Usage is reported by the number of CPU cores used by pods, including
fractional cores.
The CPU limit is represented by the top line in the visualization.
#### Memory Usage (k8s)
The memory usage of the query pod containers per cgroup as reported by Kubernetes.
Usage is reported in a magnitude of bytes.
The memory limit is represented by the top line in the visualization.
---
### Query Tier
The **Query Tier** section displays metrics reported from the InfluxDB gRPC
query API.
[Queriers](/influxdb/cloud-dedicated/reference/internals/storage-engine/#querier)
handle query requests and returns query results for requests.
- [gRPC Requests (ok)](#grpc-requests-ok)
- [gRPC Requests (not ok)](#grpc-requests-not-ok)
- [Request Duration (flight DoGet) (ok + !ok)](#request-duration-flight-doget-ok--ok)
- [Successful Request Duration (flight DoGet)](#successful-request-duration-flight-doget)
- [Acquire Duration](#acquire-duration)
#### gRPC Requests (ok)
The rate of gRPC requests for different endpoints that returned the `OK` status code,
summed across all queriers.
Request rate is reported in requests per second.
#### gRPC Requests (not ok)
The rate of gRPC requests for all endpoints that returned a status code other
than `OK`, summed across all queriers.
Request rate is reported in requests per second.
#### Request Duration (flight DoGet) (ok + !ok)
A gRPC request duration heatmap for all requests to the `DoGet` endpoint
regardless of request status.
The heatmap shows how many requests occurred in each duration "bucket" per time
interval and provides insight into how long a typical query request takes.
It also shows, at a glance, the predominate latency range as well as the
minimum and maximum durations of all query requests.

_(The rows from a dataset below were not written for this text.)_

Lemma sum_unit_degree_le S u v : u != v -> u \in frac_nodes -> v \in frac_nodes ->
  u \in S -> v \in S -> (\sum_(w in S) degree unit_edges w + 2 <= 2 * #|S|)%N.
Proof.
move=> uv uW vW uS vS.
have vSu : v \in S :\ u by rewrite in_setD1 eq_sym uv.
have -> : (\sum_(w in S) degree unit_edges w = degree unit_edges u + degree unit_edges v
           + \sum_(w in S :\ u :\ v) degree unit_edges w)%N.
  by rewrite (big_setD1 u uS) (big_setD1 v vSu) /= addnA.
have -> : #|S| = (#|S :\ u :\ v| + 2)%N.
  by rewrite (cardsD1 u S) (cardsD1 v (S :\ u)) uS vSu /= !add1n addn2.
have : (\sum_(w in S :\ u :\ v) degree unit_edges w <= 2 * #|S :\ u :\ v|)%N.
  by rewrite mulnC -sum_nat_const; apply: leq_sum => w _; apply: unit_degree_le2.
by have [] := degree_frac_node uW; have [] := degree_frac_node vW; lia.
Qed.

(* With k unit edges inside S, x(E(S)) = k + x_f and x(delta(S)) = 2|S| - 2 x(E(S)).
   Counting unit degrees gives k <= |S| - 1, and k = |S| - 1 would force
   x(delta(S)) = 2 - 2 x_f < 2. *)
Lemma cut_frac_pair_bound S u v f :
  f \in frac_edges -> val f = [set u; v] -> u \in S -> v \in S ->
  (forall w, w \in frac_nodes -> w \in S -> (w == u) || (w == v)) ->
  2 <= cut_val x S -> 4 - 2 * x f <= cut_val x S.
Proof.
move=> ff fE uS vS SW cut_ge2; have uv := edge_pair_neq fE.
have uW : u \in frac_nodes by apply: (mem_frac_nodes ff); rewrite fE set21.
have vW : v \in frac_nodes by apply: (mem_frac_nodes ff); rewrite fE set22.
set k := #|[set e in unit_edges | val e \subset S]|.
have inside : \sum_(e : edge n | val e \subset S) x e = k%:R + x f.
  rewrite sum_x_split (eq_bigl (pred1 f)) ?big_pred1_eq // => e; rewrite inE /=.
  apply/andP/eqP => [[ef eS]|->]; last by rewrite ff fE subUset !sub1set uS vS.
  apply: val_inj; rewrite fE; apply/eqP; rewrite eqEcard card_edge cards2 uv andbT.
  by apply/subsetP=> w we; rewrite in_set2; apply: SW (mem_frac_nodes ef we) (subsetP eS w we).
have degsum : #|S|%:R * 2 = cut_val x S + (k%:R + x f) *+ 2.
  rewrite -inside /cut_val mulr_natl -sum_incident -sumr_const.
  by apply: eq_bigr => w _; rewrite sum_x_incident.
have := sum_unit_degree_le uv uW vW uS vS; rewrite sum_degree -/k => k_le.
have x_gt0 : 0 < x f by move: ff; rewrite inE => /andP[].
have [k_eq|k_lt] : (k + 1 = #|S|)%N \/ (k + 2 <= #|S|)%N by lia.
  have : k%:R + 1 = #|S|%:R :> R by rewrite -k_eq natrD.
  by rewrite mulr2n in degsum; lra.
have : k%:R + 2 <= #|S|%:R :> R by rewrite -natrD ler_nat.
by rewrite mulr2n in degsum; lra.
Qed.

Lemma frac_edges_slack (s : seq (edge n)) : {subset s <= frac_edges} ->
  exists2 eps : R, 0 < eps & forall e, e \in s -> eps <= x e /\ eps <= 1 - x e.
Proof.
elim: s => [|f s IH] sub; first by exists 1.
have /IH[eps eps_gt0 eps_le] : {subset s <= frac_edges}.
  by move=> e es; apply: sub; rewrite in_cons es orbT.
have := sub f (mem_head f s); rewrite inE => /andP[xf0 xf1].
exists (Num.min eps (Num.min (x f) (1 - x f))).
  by rewrite !lt_min eps_gt0 xf0 subr_gt0 xf1.
move=> e; rewrite in_cons => /orP[/eqP->|es]; first by rewrite !ge_min !lexx !orbT.
by have [e0 e1] := eps_le e es; rewrite !ge_min e0 e1.
Qed.

End SubtourPoint.

Lemma vertex_perturbation_eq0 (R : realType) (n : nat) (x d : edge n -> R) (eps : R) :
  is_vertex_PSEP x -> eps != 0 ->
  in_PSEP (fun e => x e + eps * d e) -> in_PSEP (fun e => x e + - eps * d e) ->
  forall e, d e = 0.
Proof.
move=> [_ x_ext] eps0 x_plus x_minus e.
have half : 0 < (2^-1 : R) < 1 by rewrite invr_gt0 invf_lt1 ltr0n ?ltr1n.
have avg f : x f = 2^-1 * (x f + eps * d f) + (1 - 2^-1) * (x f + - eps * d f).
  by field.
have := x_ext _ _ _ x_plus x_minus half avg e.
move=> /addrI /eqP; rewrite mulNr -addr_eq0 -mulr2n mulrn_eq0 /= mulf_eq0 (negbTE eps0).
by move=> /eqP.
Qed.

Lemma crossing_bound (R : realDomainType) (A B C D : bool) (cut t m : R) :
  `|t| <= m -> (if (A != B) && (C != D) then 2 + 2 * m else 2) <= cut ->
  2 <= cut + t * (2 * (A%:R - B%:R) * (D%:R - C%:R)).
Proof.
rewrite ler_norml => /andP[t_lo t_hi].
by case: A; case: B; case: C; case: D => /= cut_ge; lra.
Qed.

Section FourCycle.
Variables (R : realType) (n : nat) (x : edge n -> R).
Hypothesis x_in : in_PSEP x.
Variables (a b c d : 'I_n) (eac ead ebc ebd : edge n).
Hypotheses (eacE : val eac = [set a; c]) (eadE : val ead = [set a; d]).
Hypotheses (ebcE : val ebc = [set b; c]) (ebdE : val ebd = [set b; d]).
Hypotheses (ab : a != b) (cd : c != d).
Hypothesis cycle_frac : {subset [:: eac; ead; ebc; ebd] <= frac_edges x}.
Hypothesis frac_nodes_sub : {subset frac_nodes x <= [:: a; b; c; d]}.

Definition alt_dir (e : edge n) : R :=
  (e == eac)%:R + (e == ebd)%:R - (e == ead)%:R - (e == ebc)%:R.

Lemma cut_val_alt_dir S :
  cut_val alt_dir S = 2 * ((a \in S)%:R - (b \in S)%:R) * ((d \in S)%:R - (c \in S)%:R).
Proof.
rewrite /cut_val /alt_dir !sumrB big_split /= !sum_indicator.
rewrite (in_cut_pair S eacE) (in_cut_pair S ebdE) (in_cut_pair S eadE) (in_cut_pair S ebcE).
by case: (a \in S); case: (b \in S); case: (c \in S); case: (d \in S); rewrite /=; lra.
Qed.

Let ac : a != c := edge_pair_neq eacE.
Let ad : a != d := edge_pair_neq eadE.
Let bc : b != c := edge_pair_neq ebcE.
Let bd : b != d := edge_pair_neq ebdE.

Lemma cut_val_alt_dir1 v : cut_val alt_dir [set v] = 0.
Proof.
rewrite cut_val_alt_dir !inE.
have [<-|av] := eqVneq a v.
  by rewrite !(eq_sym _ a) (negbTE ac) (negbTE ad) subrr mulr0.
have [<-|bv] := eqVneq b v.
  by rewrite !(eq_sym _ b) (negbTE bc) (negbTE bd) subrr mulr0.
by rewrite subrr mulr0 mul0r.
Qed.

Lemma alt_dir_out e : e \notin [:: eac; ead; ebc; ebd] -> alt_dir e = 0.
Proof.
rewrite /alt_dir !inE !negb_or => /and4P[/negbTE-> /negbTE-> /negbTE-> /negbTE->].
by rewrite addr0 !subr0.
Qed.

The color scheme is a indicator of the value of each cell relative to the
_currently displayed data_.
#### Successful Request Duration (flight DoGet)
A gRPC request duration heatmap for successful requests to the `DoGet` endpoint.

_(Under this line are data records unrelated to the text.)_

Lemma Rintegral_affine a b f : bounded_off f ->
  \int[P]_(w in ~` N) (a * f w + b) = a * \int[P]_(w in ~` N) f w + b.
Proof.
move=> bf; have intf := bounded_off_integrable bf.
rewrite RintegralD //; last exact: finite_measure_integrable_cst.
  rewrite RintegralZl ?Rintegral_cst // (_ : fine _ = 1) ?mulr1 //.
  by have := congr1 fine probability_setC_null; apply.
by apply: eq_integrable (integrableZl mNC a intf) => // w _; rewrite /= EFinM.
Qed.

Lemma log_optimal_ratio_le1 (W V : T -> R) (L U : R) :
  0 < L -> measurable_fun setT W -> measurable_fun setT V ->
  (forall w, ~ N w -> L <= W w <= U /\ L <= V w <= U) ->
  (forall t, 0 < t <= 1 ->
    (\int[P]_w (ln (V w + t * (W w - V w)))%:E <= \int[P]_w (ln (V w))%:E)%E) ->
  (\int[P]_(w in ~` N) (W w / V w)%:E <= 1)%E.
Proof.
move=> L0 mW mV WVLU optV; set M := U ^+ 2 / L ^+ 2.
have M0 : 0 <= M by rewrite divr_ge0 ?sqr_ge0.
have VLU w : ~ N w -> L <= V w <= U by move=> /WVLU[].
have bratio : bounded_off (fun w => W w / V w).
  split.
    by apply: measurable_funM => //; apply: measurableT_comp; [exact: measurable_inv|].
  exists (U / L) => w /WVLU[/andP[LW WU] /andP[LV VU]].
  have V0 : 0 < V w by apply: lt_le_trans LV.
  rewrite ger0_norm ?divr_ge0 ?(le_trans (ltW L0)) //.
  by rewrite ler_pM ?invr_ge0 ?(le_trans (ltW L0)) // lef_pV2 ?posrE.
have blnV := bounded_off_ln L0 mV VLU.
have blnVt t : 0 < t <= 1 -> bounded_off (fun w => ln (V w + t * (W w - V w))).
  move=> /andP[t0 t1]; apply: (bounded_off_ln (U := U) L0).
    by apply: measurable_funD => //; apply: measurable_funM => //;
      exact: measurable_funB.
  by move=> w /WVLU[WLU VLU']; apply: lerp_bounds => //; rewrite (ltW t0) t1.
rewrite integral_setC_bounded_off // lee_fin -subr_le0.
apply: (le0_of_le_small_mul M0) => t /[dup] t01 /andP[t0 t1].
have gain : \int[P]_(w in ~` N) (t * (W w / V w) + (- t - t ^+ 2 * M)) <=
    \int[P]_(w in ~` N) (ln (V w + t * (W w - V w)) - ln (V w)).
  apply: le_Rintegral => //.
  - exact: bounded_off_integrable (bounded_off_affine _ _ bratio).
  - exact: bounded_off_integrable (bounded_offB (blnVt t t01) blnV).
  move=> w /WVLU[WLU VLU']; have := ln_lerp_ge L0 VLU' WLU t01; rewrite -/M; lra.
have no_gain : \int[P]_(w in ~` N) ln (V w + t * (W w - V w)) <=
    \int[P]_(w in ~` N) ln (V w).
  by rewrite -lee_fin -!integral_bounded_off //; [exact: optV | exact: blnVt].
rewrite Rintegral_affine // RintegralB ?bounded_off_integrable // in gain;
  last exact: blnVt.
have : t * (\int[P]_(w in ~` N) (W w / V w) - 1) <= t * (t * M) by lra.
by rewrite ler_pM2l.
Qed.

The heatmap shows how many requests occurred in each duration "bucket" per time
interval and provides insight into how long a typical successful query request takes.
It also shows, at a glance, the predominate latency range as well as the
minimum and maximum durations of successful query requests.
The color scheme is a indicator of the value of each cell relative to the
_currently displayed data_.
#### Acquire Duration
A heatmap of how long a query waits to pass the query _semaphore_--a mechanism
that limits the number of concurrent query requests that can be processed and
protects against Out of Memory (OOM) errors that can be caused by unaccounted-for
data structures that may occur during query planning and execution.
This cell only provides information about the queries waiting for the semaphore,
not the time holding it.
This cell can be used to gauge how much query latency is added due to a high
cluster load.
---
### Ingest Tier Cpu/Mem
The **Query Tier Cpu/Mem** section displays the CPU and memory usage of Ingester
pods as reported by Kubernetes.
[Ingesters](/influxdb/cloud-dedicated/reference/internals/storage-engine/#ingester)
process line protocol submitted in write requests and persist time series data
to the [Object store](/influxdb/cloud-dedicated/reference/internals/storage-engine/#object-store).
- [CPU Utilization Ingesters (k8s)](#cpu-utilization-ingesters-k8s)
- [Memory Usage Ingesters (k8s)](#memory-usage-ingesters-k8s)
- [CPU Utilization Routers (k8s)](#cpu-utilization-routers-k8s)
- [Memory Usage Routers (k8s)](#memory-usage-routers-k8s)
#### CPU Utilization Ingesters (k8s)
CPU Utilization of Ingester pods as reported by the Kubernetes container usage.
Usage is reported by the number of CPU cores used by pods, including
fractional cores.
The CPU limit is represented by the top line in the visualization.
#### Memory Usage Ingesters (k8s)
Memory usage of the Ingester pod containers per cgroup as reported by Kubernetes.
Usage is reported in a magnitude of bytes.
The memory limit is represented by the top line in the visualization.
#### CPU Utilization Routers (k8s)
CPU utilization of Ingester router pods as reported by the Kubernetes container usage.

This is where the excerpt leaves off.